Two pipes can fill a tank in 9 hours. If the bigger of the pipes has a rate of 1 ½ times of the smaller, how long would it take each pipe to fill the tank if opened alone?
(3 / 2s) + (1 / s) = 1 / 9
27/2 + 9 = s = 45/2
b = 2/3 s = 15
To solve this problem, we can assign variables to represent the rates of the two pipes. Let's say the rate of the smaller pipe is r (in tanks per hour). Then, the rate of the larger pipe is 1 ½ times the rate of the smaller pipe, which is 1.5r (in tanks per hour).
We are also given that both pipes together can fill the tank in 9 hours. This means that the combined rate of the two pipes is equal to 1 tank per 9 hours, or 1/9 tanks per hour.
Using the rates, we can set up an equation:
r + 1.5r = 1/9
Combining like terms, we have:
2.5r = 1/9
To isolate r, we divide both sides of the equation by 2.5:
r = (1/9) ÷ 2.5
r = 1/22.5
r = 2/45
Now, we know the rate of the smaller pipe is 2/45 tanks per hour. To find out how long it would take for the smaller pipe to fill the tank alone, we take the reciprocal of the rate:
1 / (2/45)
Simplifying, we get:
1 ÷ (2/45) = 45/2 = 22.5 hours
Therefore, it would take the smaller pipe 22.5 hours to fill the tank if opened alone.

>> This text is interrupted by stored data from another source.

(* Let $A,B$ be Pareto sets of size $n$ each and let $k$ be the size of their Pareto sum. The Successive Sweep Search algorithm computes the Pareto sum of $A$ and $B$ in $\mathcal{O}(n\log n+nk)$ time using $\mathcal{O}(n+k)$ space.
   Context: For $p,p'\in\mathbb{R}^2$, $p$ dominates $p'$ if $p\neq p'$, $p.x\le p'.x$ and $p.y\le p'.y$. A Pareto set is a set $S\subset\mathbb{R}^2$ in which no point dominates another. The Successive Sweep Search algorithm first sorts $A$ and $B$ lexicographically ($S_i$ = element of rank $i$) and uses the Minkowski matrix $M_{ij}=A_i+B_j$ (computed on demand). The Pareto sum $C$ is the set of entries of $M$ not dominated by any entry of $M$. Starting with $C=\{M_{11},M_{nn}\}$ and search range $[x_{\min},x_{\max})\times[y_{\min},y_{\max})$ with $x_{\min}=M_{11}.x$, $x_{\max}=M_{nn}.x$, $y_{\min}=M_{nn}.y$, $y_{\max}=M_{11}.y$, it repeatedly finds the lexicographically smallest entry $m$ of $M$ in the current range; if none exists it stops, otherwise it adds $m$ to $C$ and sets $x_{\min}=m.x$, $y_{\max}=m.y$. The range minimum is found by a single left-to-right sweep: keep a row index $i$, starting at $i=n$ in column $1$; in each column $j$, move upward as long as $i\ge2$ and $M_{i-1,j}$ satisfies $x\ge x_{\min}$ and $y<y_{\max}$; if $M_{ij}$ lies in the range and is lexicographically smaller than the current candidate, it becomes the candidate; then move to column $j+1$ with the same $i$; after the last column the candidate is returned. *)

(* Successive Sweep Search (SSS) for Pareto sums, with an
   explicit instrumented cost model (time = elementary steps, space = peak
   number of stored points/registers). *)
From mathcomp Require Import all_boot all_order all_algebra.
Set Implicit Arguments. Unset Strict Implicit. Unset Printing Implicit Defensive.
Import Order.TTheory GRing.Theory Num.Theory.
Local Open Scope ring_scope.

Section SSS.
Variable R : realDomainType.
(* For every integer $t\ge 1$ and every even integer $j$, the limit $$g_{22}(t,j)=\lim_{L\to\infty,\ L\text{ even}}\mathbb{E}_L\big[(h^{2t+2}_j-h^{2t}_j)(h^2_0-h^0_0)\big]$$ exists and $$g_{22}(t,j)=-\tfrac14\big[g_{11}(t-1,j)-g_{11}(t,j)\big],$$ where $g_{11}(s,j)=\frac{2^{-2s+1}(2s)!}{(s-\frac{j}{2})!(s+\frac{j}{2})!}$ for $|j|\le 2s$ and $g_{11}(s,j)=0$ for $|j|>2s$ (for $s\ge0$, $j$ even).
   Context: Let $L\ge 2$ be an even integer and index sites by $i\in\mathbb{Z}/L\mathbb{Z}$. The initial interface $h^0$ is ''distributed'' according to the un-normalized measure $\mu(dh^0)=\prod_i e^{-\frac12(h^0_{i+1}-h^0_i)^2}\,dh^0_i$; concretely, only height differences are meaningful and the increment vector $(h^0_{i+1}-h^0_i)_i$ has the law of i.i.d. standard Gaussians conditioned on having sum zero. Dynamics: for $t\ge1$, independently for each $i$ with $i+t$ even, $h^t_i=\tfrac12(h^{t-1}_{i-1}+h^{t-1}_{i+1})+\xi^t_i$ with $\xi^t_i$ independent centered Gaussians of variance $1/2$; $h^t_i=h^{t-1}_i$ for $i+t$ odd. $\mathbb{E}_L$ is expectation for this process on $\mathbb{Z}/L\mathbb{Z}$. *)

From Stdlib Require Import Reals Arith ZArith Lia.
Open Scope R_scope.

(* A centered Gaussian "random variable" in the span of the sources, represented
   by its coefficients:
   - fst : coefficients on the initial heights h^0_k (k < L),
   - snd : coefficients on the noises xi^u_v (time u >= 1, site v < L). *)
Definition form := ((nat -> R) * (nat -> nat -> R))%type.

Definition fsub (X Y : form) : form :=
  (fun k => fst X k - fst Y k, fun u v => snd X u v - snd Y u v).

(* h^t_i as a linear form, for i a site index (taken mod L). *)
Fixpoint hf (L t i : nat) : form :=
  match t with
  | O => (fun k => if Nat.eqb k (i mod L) then 1 else 0, fun _ _ => 0)
  | S s =>
      if Nat.even (i mod L + S s) then
        let X1 := hf L s (i mod L + L - 1) in
        let X2 := hf L s (i mod L + 1) in
        (fun k => (fst X1 k + fst X2 k) / 2,
         fun u v => (snd X1 u v + snd X2 u v) / 2
                    + (if andb (Nat.eqb u (S s)) (Nat.eqb v (i mod L)) then 1 else 0))
      else hf L s i
  end.

Definition hZ (L t : nat) (j : Z) : form :=
  hf L t (Z.to_nat (Z.modulo j (Z.of_nat L))).

Fixpoint sumR (n : nat) (f : nat -> R) : R :=
  match n with O => 0 | S m => sumR m f + f m end.

(* sum_i a_i h^0_i = (sum a) h^0_0 + sum_k eta_k * cum a k, with
   eta_k = h^0_{k+1} - h^0_k (k = 0..L-1), cum a k = sum_{k < i < L} a_i. *)
Definition cum (L : nat) (a : nat -> R) (k : nat) : R :=
  sumR L (fun i => if Nat.ltb k i then a i else 0).

(* E_L[X Y] for X, Y whose h^0-coefficients sum to zero (so that they are
   functions of height differences only) and whose noise coefficients vanish
   after time N.  Increments: i.i.d. N(0,1) conditioned on sum zero, i.e.
   Cov(eta_k, eta_l) = delta_kl - 1/L; noises independent, variance 1/2. *)
Definition EL (L N : nat) (X Y : form) : R :=
  sumR L (fun k => sumR L (fun l =>
     cum L (fst X) k * cum L (fst Y) l *
     ((if Nat.eqb k l then 1 else 0) - / INR L)))
  + sumR N (fun u => sumR L (fun v => / 2 * snd X (S u) v * snd Y (S u) v)).

Definition g11 (s : nat) (j : Z) : R :=
  if Z.leb (Z.abs j) (2 * Z.of_nat s) then
    2 * INR (fact (2 * s)) /
    (4 ^ s * INR (fact (Z.to_nat (Z.of_nat s - j / 2)))
           * INR (fact (Z.to_nat (Z.of_nat s + j / 2))))
  else 0.

From Stdlib Require Import Reals Arith ZArith Lia Lra.
Open Scope R_scope.

(* Every height is a linear form in the initial heights and the noises, whose
   coefficients obey the averaging recursion of the dynamics.  On the torus of
   size L = 2h these coefficients, for sources near the origin, coincide with
   the solutions of the same recursion on Z until time h - 3, because nothing
   has yet travelled around the torus.  On Z the coefficient of h^0_0 in h^T_j
   is the kernel K T j = C(T, (T+j)/2) / 2^T of a simple random walk, so that
   g11 s j = 2 K (2s) j; the coefficients of the noises entering h^2_0 - h^0_0
   (xi^2_0, and xi^1_{+-1} with weight 1/2) are time-shifts of K.  Pairing with
   h^2_0 - h^0_0 only sees these few coefficients; in the initial part this is
   because the increment h^{2t+2}_j - h^{2t}_j has initial coefficients that
   sum to zero and vanish at odd sites.  This gives the value
   (K(2t) j - K(2t-2) j)/2 exactly, for every even L large enough. *)

Lemma sumR_ext n f g : (forall i, (i < n)%nat -> f i = g i) -> sumR n f = sumR n g.
Proof.
  induction n as [|n IH]; intros Hfg; simpl; [reflexivity|].
  rewrite IH by (intros; apply Hfg; lia). rewrite Hfg by lia. reflexivity.
Qed.

Lemma sumR_add n f g : sumR n (fun i => f i + g i) = sumR n f + sumR n g.
Proof. induction n as [|n IH]; simpl; [lra|]. rewrite IH; lra. Qed.

Lemma sumR_sub n f g : sumR n (fun i => f i - g i) = sumR n f - sumR n g.
Proof. induction n as [|n IH]; simpl; [lra|]. rewrite IH; lra. Qed.

Lemma sumR_scal n c f : sumR n (fun i => c * f i) = c * sumR n f.
Proof. induction n as [|n IH]; simpl; [lra|]. rewrite IH; lra. Qed.

Lemma sumR_delta n p c :
  sumR n (fun i => if Nat.eqb i p then c else 0) = if Nat.ltb p n then c else 0.
Proof.
  induction n as [|n IH]; simpl; [reflexivity|]. rewrite IH.
  destruct (Nat.eqb_spec n p), (Nat.ltb_spec p n), (Nat.ltb_spec p (S n)); lia || lra.
Qed.
(* For $n\ge 1$, let $\gamma(n)$ denote the number of partitions of $n$ having no part equal to $1$ and in which the largest part appears at least twice. Then for all $n\ge 26$, $$\gamma(n)\ \ge\ \gamma(n-1).$$
   Context: Partitions with no part equal to $1$ whose largest part occurs at least twice are called ground state non-unitary partitions; $\gamma(n)$ counts those of size $n$ (for $n\ge1$). *)

From mathcomp Require Import all_boot.
Set Implicit Arguments. Unset Strict Implicit. Unset Printing Implicit Defensive.

Definition is_partition (n : nat) (s : seq nat) : bool :=
  [&& sorted geq s, all (fun x => 0 < x) s & sumn s == n].

Fixpoint parts_le (fuel m n : nat) : seq (seq nat) :=
  match fuel with
  | 0 => if n == 0 then [:: [::]] else [::]
  | fuel'.+1 =>
      if n == 0 then [:: [::]]
      else flatten [seq [seq k :: s | s <- parts_le fuel' k (n - k)]
                   | k <- iota 1 (minn m n)]
  end.

(* The list of all partitions of n (each exactly once), filtered by the
   defining predicate for transparency. *)
Definition partitions (n : nat) : seq (seq nat) :=
  [seq s <- parts_le n n n | is_partition n s].

(* Ground state non-unitary: no part equal to 1, and the largest part
   (the head of the nonincreasing sequence) occurs at least twice. *)
Definition gsnu (s : seq nat) : bool :=
  (1 \notin s) && (1 < count_mem (head 0 s) s).

Definition gamma (n : nat) : nat := count gsnu (partitions n).
Lemma measurable_Cinf : measurable_fun [set: seqspace A] (Cinf nu w).
Proof.
rewrite (_ : Cinf nu w = fun om => \sum_(n <oo | n \in xpredT) c nu w n.+1 om).
  exact: (ge0_emeasurable_sum (h := fun n om => c nu w n.+1 om) (P := xpredT)
    (fun n om _ _ => c_ge0 n.+1 om) (fun n _ => measurable_c n.+1)).
by apply/funext => om; rewrite CinfE.
Qed.

Lemma integral_Cinf_le m :
  \int[nu m]_(om in [set: seqspace A]) Cinf nu w om <= ((w m)^-1)%:E * Ent w.
Proof.
have winv_ge0 : (0 <= (w m)^-1)%R by rewrite invr_ge0 ltW.
under eq_integral => om _ do rewrite CinfE.
rewrite integral_nneseries//; last 2 first.
- by move=> n; exact: measurable_c.
- by move=> n om _; exact: c_ge0.
rewrite (eq_eseriesr (fun n _ => integral_c m n)).
apply: le_trans (lee_nneseries _ (fun n _ => le_esum (fun x _ => mnu_K_le m x))) _.
  by move=> n _ _; apply: esum_ge0 => x _; rewrite mule_ge0 ?K_ge0// lee_fin mnu_ge0.
rewrite (eq_eseriesr (fun n _ => esumZl (level n) wdKL_ge0 winv_ge0)).
rewrite nneseriesZl => [|n _]; last exact: esum_ge0 (fun x _ => wdKL_ge0 x).
by rewrite lee_wpmul2l ?lee_fin// nneseries_wdKL_le.
Qed.

Lemma Ent_ge0 : 0 <= Ent w.
Proof.
apply: esum_ge0 => i _; rewrite lee_fin -mulrN mulr_ge0 ?(ltW (w_gt0 i))//.
by rewrite oppr_ge0 ln_le0.
Qed.

Lemma ae_cvg_c m : Ent w < +oo ->
  {ae nu m, forall om, c nu w t om @[t --> \oo] --> 0}.
Proof.
move=> Ent_lt.
have Ent_fin : Ent w \is a fin_num by rewrite ge0_fin_numE// Ent_ge0.
have int_Cinf : (nu m).-integrable [set: seqspace A] (Cinf nu w).
  apply/integrableP; split; first exact: measurable_Cinf.
  under eq_integral => om _ do rewrite gee0_abs ?Cinf_ge0//.
  by apply: le_lt_trans (integral_Cinf_le m) _; rewrite -(fineK Ent_fin) -EFinM ltry.
apply: filterS (integrable_ae measurableT int_Cinf) => om /(_ Logic.I) Cinf_fin.
have Cinf_lt : \sum_(0 <= k <oo | true) c nu w k.+1 om < +oo.
  by rewrite -CinfE -ge0_fin_numE// Cinf_ge0.
rewrite -cvg_shiftS /=.
(* [c_(N+1)] lies between [0] and the tail from [N] of the convergent series. *)
apply: (@squeeze_cvge _ _ _ _ (fun=> 0) _ _ _ _ (cvg_cst 0)
  (nneseries_tail_cvg Cinf_lt (fun k _ => c_ge0 k.+1 om))).
apply: nearW => N; rewrite c_ge0 /=.
have := nneseries_lim_ge (P := xpredT) (m := N) N.+1 (fun k _ _ => c_ge0 k.+1 om).
by rewrite big_nat1.
Qed.

End Mixture.

Theorem theorem4 (A : pointedType) (hA : countable [set: A])
  (R : realType) (I : choiceType) (hI : countable [set: I])
  (nu : I -> probability (seqspace A) R) (nu_inj : injective nu)
  (w : I -> R) (w_pos : forall i, 0 < w i) (w_le1 : forall i, w i <= 1)
  (w_sum : (\esum_(i in [set: I]) (w i)%:E = 1)%E)
  (m : I)
  (hEnt : (Ent w < +oo)%E) :
  (\int[nu m]_(om in [set: seqspace A]) Cinf nu w om
     <= Ent w * ((w m)^-1)%:E)%E
  /\ {ae nu m, forall om, (c nu w t om @[t --> \oo] --> 0%E)}.
Proof.
split; last exact: (ae_cvg_c hA nu w_pos w_le1 w_sum m hEnt).
by rewrite muleC; exact: (integral_Cinf_le hA nu w_pos w_le1 w_sum m).
Qed.
Lemma maxop_infty_ball_null (y0 N : R) : maxop mu f y0 < +oo -> (0 < N)%R ->
  mu ([set x | maxop mu f x = +oo] `&` ball y0 N) = 0.
Proof.
move=> y0fin N0.
set K := fine (maxop mu f y0).
have K0 : (0 <= K)%R by apply: fine_ge0; exact: maxop_ge0.
have maxop_y0 : maxop mu f y0 <= K%:E by rewrite fineK // ge0_fin_numE ?maxop_ge0.
set C := fine (mu (ball y0 (N + 1)%R)).
have muC : mu (ball y0 (N + 1)%R) <= C%:E by rewrite -ball_measureE // addr_gt0.
set mR := fine (mu (ball (y0 + N + 1)%R 1)); set mL := fine (mu (ball (y0 - N - 1)%R 1)).
set m := Num.min mR mL.
have m0 : (0 < m)%R by rewrite lt_min !fine_ball_measure_gt0.
have muR : m%:E <= mu (ball (y0 + N + 1)%R 1) by rewrite ball_measureE // lee_fin ge_min lexx.
have muL : m%:E <= mu (ball (y0 - N - 1)%R 1).
  by rewrite ball_measureE // lee_fin ge_min lexx orbT.
set I := fine (\int[mu]_(y in ball y0 (N + 2)%R) absf y).
have I0 : (0 <= I)%R by apply: fine_ge0; apply: integral_ge0 => y _; rewrite lee_fin.
apply/eqP; rewrite eq_le measure_ge0 andbT; apply/lee_addgt0Pr => eps eps0; rewrite add0e.
(* large enough for large_average_ball_sub and for 2 I <= lam eps *)
set lam := (K + 1 + K * C / m + 2 * I / eps)%R.
have C0 : (0 <= C)%R by apply: fine_ge0; exact: measure_ge0.
have KCm0 : (0 <= K * C / m)%R by rewrite divr_ge0 ?mulr_ge0 // ltW.
have Ieps0 : (0 <= 2 * I / eps)%R by rewrite divr_ge0 ?mulr_ge0 // ltW.
have Klam : (K < lam)%R by rewrite /lam; lra.
have KCm : (K * C < (lam - K) * m)%R.
  have -> : ((lam - K) * m = m + K * C + 2 * I / eps * m)%R.
    by rewrite /lam; field; rewrite !gt_eqF.
  have : (0 <= 2 * I / eps * m)%R by rewrite mulr_ge0 // ltW.
  lra.
have I_le : (2 * I <= lam * eps)%R.
  have -> : (lam * eps = (K + 1 + K * C / m) * eps + 2 * I)%R.
    by rewrite /lam; field; rewrite !gt_eqF.
  have : (0 <= (K + 1 + K * C / m) * eps)%R by rewrite mulr_ge0 ?ltW //; lra.
  lra.
rewrite -(lee_pmul2l (x := lam%:E)) //; last by rewrite lte_fin (le_lt_trans K0 Klam).
apply: le_trans (measure_maxop_infty_ball_le maxop_y0 K0 N0 muC muR muL Klam KCm) _.
by rewrite integral_abs_ballE ?addr_gt0 // -/I -EFin_natmul -EFinM lee_fin mulr2n; lra.
Qed.
(* "for generic S in S^n, Q S holds": Q holds on a nonempty Zariski-open
   subset of S^n, i.e. on a basic open set {f <> 0} with f not identically
   zero on S^n *)
Definition generically (Q : M -> Prop) : Prop :=
  exists f : {mpoly C[n * n]},
    (exists S0, is_symmx S0 /\ mpeval f S0 != 0) /\
    forall S, is_symmx S -> mpeval f S != 0 -> Q S.

Definition generic_count (F : M -> M -> Prop) (d : nat) : Prop :=
  generically (fun S => has_card (F S) d).

Definition ML_degree_is (L : {vspace M}) (d : nat) : Prop :=
  generic_count (fun S Sig => reciprocal L Sig /\ Lperp L (Sig - S)) d.

Definition A_L (c : nat) (A : c.-tuple M) (Sig : M) : Prop :=
  is_symmx Sig /\ forall i : 'I_c, \tr (tnth A i *m \adj Sig) = 0.

End Defs.

(* Let b_1, ..., b_m be a basis of L and pi(S) := (tr (b_j S))_j, so that L^perp + S is the
   fibre of pi through S.  For invertible Sig, membership in L^{-1} and in A_L agree: the
   identities Sig^T = Sig and tr (A_i adj Sig) = 0 hold on inverses of elements of L, hence
   on L^{-1}; conversely an invertible symmetric Sig in A_L has Sig^{-1} = adj Sig / det Sig
   in (L^perp)^perp = L.
   It remains to exclude, for generic S, singular points of L^{-1} in L^perp + S.  In the
   coordinates of K in L, the m + 1 polynomials det K and tr (b_j adj K) are algebraically
   dependent (more monomials in them than monomials of bounded degree in m variables), and
   tr (b_j adj K) = det K * tr (b_j K^{-1}); a homogenised dependence thus becomes a nonzero
   relation P (pi Sig, det Sig) = 0 on L^{-1}.  Dividing by the largest possible power of
   det Sig, h := P (_, 0) is a nonzero polynomial vanishing at pi Sig for every singular Sig in
   L^{-1}, and S |-> h (pi S) is the required generic condition, since pi Sig = pi S on
   L^perp + S. *)

From HB Require Import structures.
From mathcomp Require Import all_boot all_order all_algebra.
From mathcomp Require Import reals complex mpoly.
From mathcomp Require Import zify perm.
Set Implicit Arguments. Unset Strict Implicit. Unset Printing Implicit Defensive.
Import Order.TTheory GRing.Theory Num.Theory.
Local Open Scope ring_scope.

Lemma eq_rmorph_mpoly (R : comNzRingType) (S : nzRingType) k
    (f g : {rmorphism {mpoly R[k]} -> S}) :
  (forall c, f c%:MP = g c%:MP) -> (forall i, f 'X_i = g 'X_i) -> f =1 g.
Proof.
move=> hc hX p; rewrite (mpolyE p) !rmorph_sum; apply: eq_bigr => mu _.
rewrite -mul_mpolyC !rmorphM hc mpolyXE_id !rmorph_prod; congr (_ * _).
by apply: eq_bigr => i _; rewrite !rmorphXn hX.
Qed.

Section MpolyNonroot.
Variable F : numDomainType.

Lemma poly_nonroot (q : {poly F}) : q != 0 -> exists z, q.[z] != 0.
Proof.
move=> q0; set s := [seq i%:R | i <- iota 0 (size q)] : seq F.
have us : uniq s.
  by rewrite map_inj_uniq ?iota_uniq // => a b /eqP; rewrite eqr_nat => /eqP.
have [hall|/allPn [z _ hz]] := boolP (all (root q) s); last by exists z.
by have := max_poly_roots q0 hall us; rewrite size_map size_iota ltnn.
Qed.

Definition extend_last k (x : 'I_k -> F) (z : F) (i : 'I_k.+1) : F :=
  if unlift ord_max i is Some j then x j else z.

Lemma widen_ord_max_lift k (j : 'I_k) : widen_ord (leqnSn k) j = lift ord_max j.
Proof. by apply: val_inj; rewrite /= /bump leqNgt ltn_ord. Qed.

Lemma muni_eval k (p : {mpoly F[k.+1]}) x z :
  (map_poly (meval x) (muni p)).[z] = p.@[extend_last x z].
Proof.
apply: (@eq_rmorph_mpoly _ _ _
  (horner_eval z \o map_poly (meval x) \o @muni k F) (meval (extend_last x z))).
  by move=> c /=; rewrite horner_evalE muniC map_polyC hornerC /= !mevalC.
move=> i /=; rewrite horner_evalE muniE msuppX big_seq1 mcoeffX eqxx scale1r.
rewrite -mul_polyC rmorphM /= map_polyC map_polyXn !hornerE /= !mevalX.
rewrite big_ord_recr /= /extend_last unlift_none; congr (_ * _).
by apply: eq_bigr => j _; rewrite mnmE widen_ord_max_lift liftK.
Qed.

Since the rate of the larger pipe is 1.5 times that of the smaller pipe, its rate is 1.5 * (2/45) = 3/45 tanks per hour. To find out how long it would take for the larger pipe to fill the tank alone, we take the reciprocal of the rate:
1 / (3/45)
Simplifying, we get:
1 ÷ (3/45) = 45/3 = 15 hours
Therefore, it would take the larger pipe 15 hours to fill the tank if opened alone.